Сайз пошлепал нижней губой.

— Вот черт! Пять штук — это ж не баран начхал!

— Именно так я ему и сказал.

— И если б еще оно того стоило!

— Я не буду платить, если что не так.

— По-Вашему, вы сумеете понять, стоит оно того или нет?

— Более чем, — сказал я. — За это вы мне, собственно, и платите.

Сайз еще немного пожевал губами. Затем вздохнул и крикнул: «Мейбл!»

— Чего? — прокричала она в ответ.

— Зайди на минуту.

Зайдя, Мейбл спросила:

— Ну что еще?

— Сходи в банк и забери оттуда пять тысяч долларов.

— Из ячейки?

— Черт! Ну да, из ячейки.

Она взглянула на меня.

— Какая муха его укусила, Дик?

— Деньги тратит, не видишь?

Она кивнула.

— Угу. От этого его всегда корежит.

— В каком виде Олтигбе хочет их получить? — продолжил Сайз.

— Он не сказал. Наверно, двадцатками и десятками.
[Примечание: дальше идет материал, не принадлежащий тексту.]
(* The states on the cycle of rot, i.e. all states but the fixed point 1,
   which we call the pivot. *)
Definition movable (x : nat) : bool := (x < n) && (x != 1).

Ltac decide_eqs := repeat match goal with
  | |- context [?a == ?b] =>
     (have -> : (a == b) = false by apply/eqP; lia) ||
     (have -> : (a == b) = true by apply/eqP; lia)
  end.

Lemma rot_cyc i : i < n.-1 -> rot (cyc i) = cyc (i.+1 %% n.-1).
Proof.
move=> hi; rewrite modS_small // /rot /cyc /=.
case: i hi => [|i] hi /=; decide_eqs => /=.
  by rewrite modn_small; lia.
case: (ltngtP i.+2 n.-1) => h; decide_eqs => //=; [by rewrite modn_small; lia | lia | ].
have -> : i.+3 = n by lia.
by rewrite modnn.
Qed.

Lemma iter_rot_cyc i k : i < n.-1 -> iter k rot (cyc i) = cyc ((i + k) %% n.-1).
Proof.
move=> hi; elim: k => [|k IH]; first by rewrite addn0 modn_small.
rewrite iterS IH rot_cyc; last by rewrite ltn_mod; lia.
by rewrite -addn1 modnDml addn1 addnS.
Qed.

Lemma iter_rot1 k : iter k rot 1 = 1.
Proof. by elim: k => //= k ->; rewrite /rot /= modn_small //; lia. Qed.

Lemma cyc_pred x : x != 1 -> cyc x.-1 = x.
Proof. by rewrite /cyc; case: x => [|[|x]]. Qed.

Lemma cyc_inj : injective cyc.
Proof. move=> a b; rewrite /cyc; case: eqP; case: eqP => ? ? ?; lia. Qed.

Lemma movable_cyc i : i < n.-1 -> movable (cyc i).
Proof. by rewrite /movable /cyc; case: eqP => ? ?; apply/andP; split; lia. Qed.

Lemma iter_rot_lt k q : q < n -> iter k rot q < n.
Proof.
move=> hq; elim: k => //= k IH.
by apply: U_step_lt; [lia | apply: U_step_lt => //; lia].
Qed.

Lemma iter_rot_period q : q < n -> iter n.-1 rot q = q.
Proof.
move=> hq; case: (q =P 1) => [->|/eqP ne]; first exact: iter_rot1.
rewrite -(cyc_pred ne) iter_rot_cyc; last lia.
by rewrite modnDr modn_small //; lia.
Qed.

Lemma rot_transitive x z : movable x -> movable z -> exists d, iter d rot x = z.
Proof.
move=> /andP [hx nx] /andP [hz nz].
exists (z.-1 + (n.-1 - x.-1)).
rewrite -[X in iter _ rot X](cyc_pred nx) iter_rot_cyc; last lia.
have -> : x.-1 + (z.-1 + (n.-1 - x.-1)) = z.-1 + n.-1 by lia.
by rewrite modnDr modn_small ?cyc_pred //; lia.
Qed.

Lemma iter_rot_to_last x : movable x -> iter (n.-1.-1 - x.-1) rot x = n.-1.
Proof.
case/andP=> hx nx; rewrite -[X in iter _ rot X](cyc_pred nx) iter_rot_cyc; last lia.
have -> : x.-1 + (n.-1.-1 - x.-1) = n.-1.-1 by lia.
rewrite modn_small /cyc; last lia.
by case: eqP => ?; lia.
Qed.

Lemma rot_movable x : movable x -> movable (rot x) /\ rot x != x.
Proof.
case/andP=> hx nx; rewrite -(cyc_pred nx) rot_cyc; last lia.
split; first by apply: movable_cyc; rewrite ltn_mod; lia.
apply/eqP => /cyc_inj; rewrite modS_small; last lia.
by case: eqP => ?; lia.
Qed.

Variable m : nat.
Hypothesis hm : 3 <= m.

Local Notation R B := (reachable m n 0 B).

Let hn1 : 1 < n. Proof. lia. Qed.

(* The suffix ab returns U_m to 0 and precomposes B with rot. *)
Lemma reachable_rot B : R B -> R (fun q => B (rot q)).
Proof. by move=> h; have := reachable_cat [:: La; Lb] hn1 h; rewrite /= modn_small //; lia. Qed.

Lemma reachable_iter_rot k B : R B -> R (fun q => B (iter k rot q)).
Proof.
elim: k B => [|k IH] B h //.
by apply: reachable_ext (IH _ (reachable_rot h)) _ => q _; rewrite iterS.
Qed.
Подержанными.

Сайз посмотрел на Мейбл.

— Можем мы получить так много десятками и двадцатками?

— Ну, наверно, придется подбросить несколько полусотен.

— Ладно. — Он посмотрел на меня. — Вы встречаетесь в пять?

Я кивнул.

— В это время он представит мне образец.

— Замечательно. Если товар будет что надо, заходите ко мне — заберете деньги.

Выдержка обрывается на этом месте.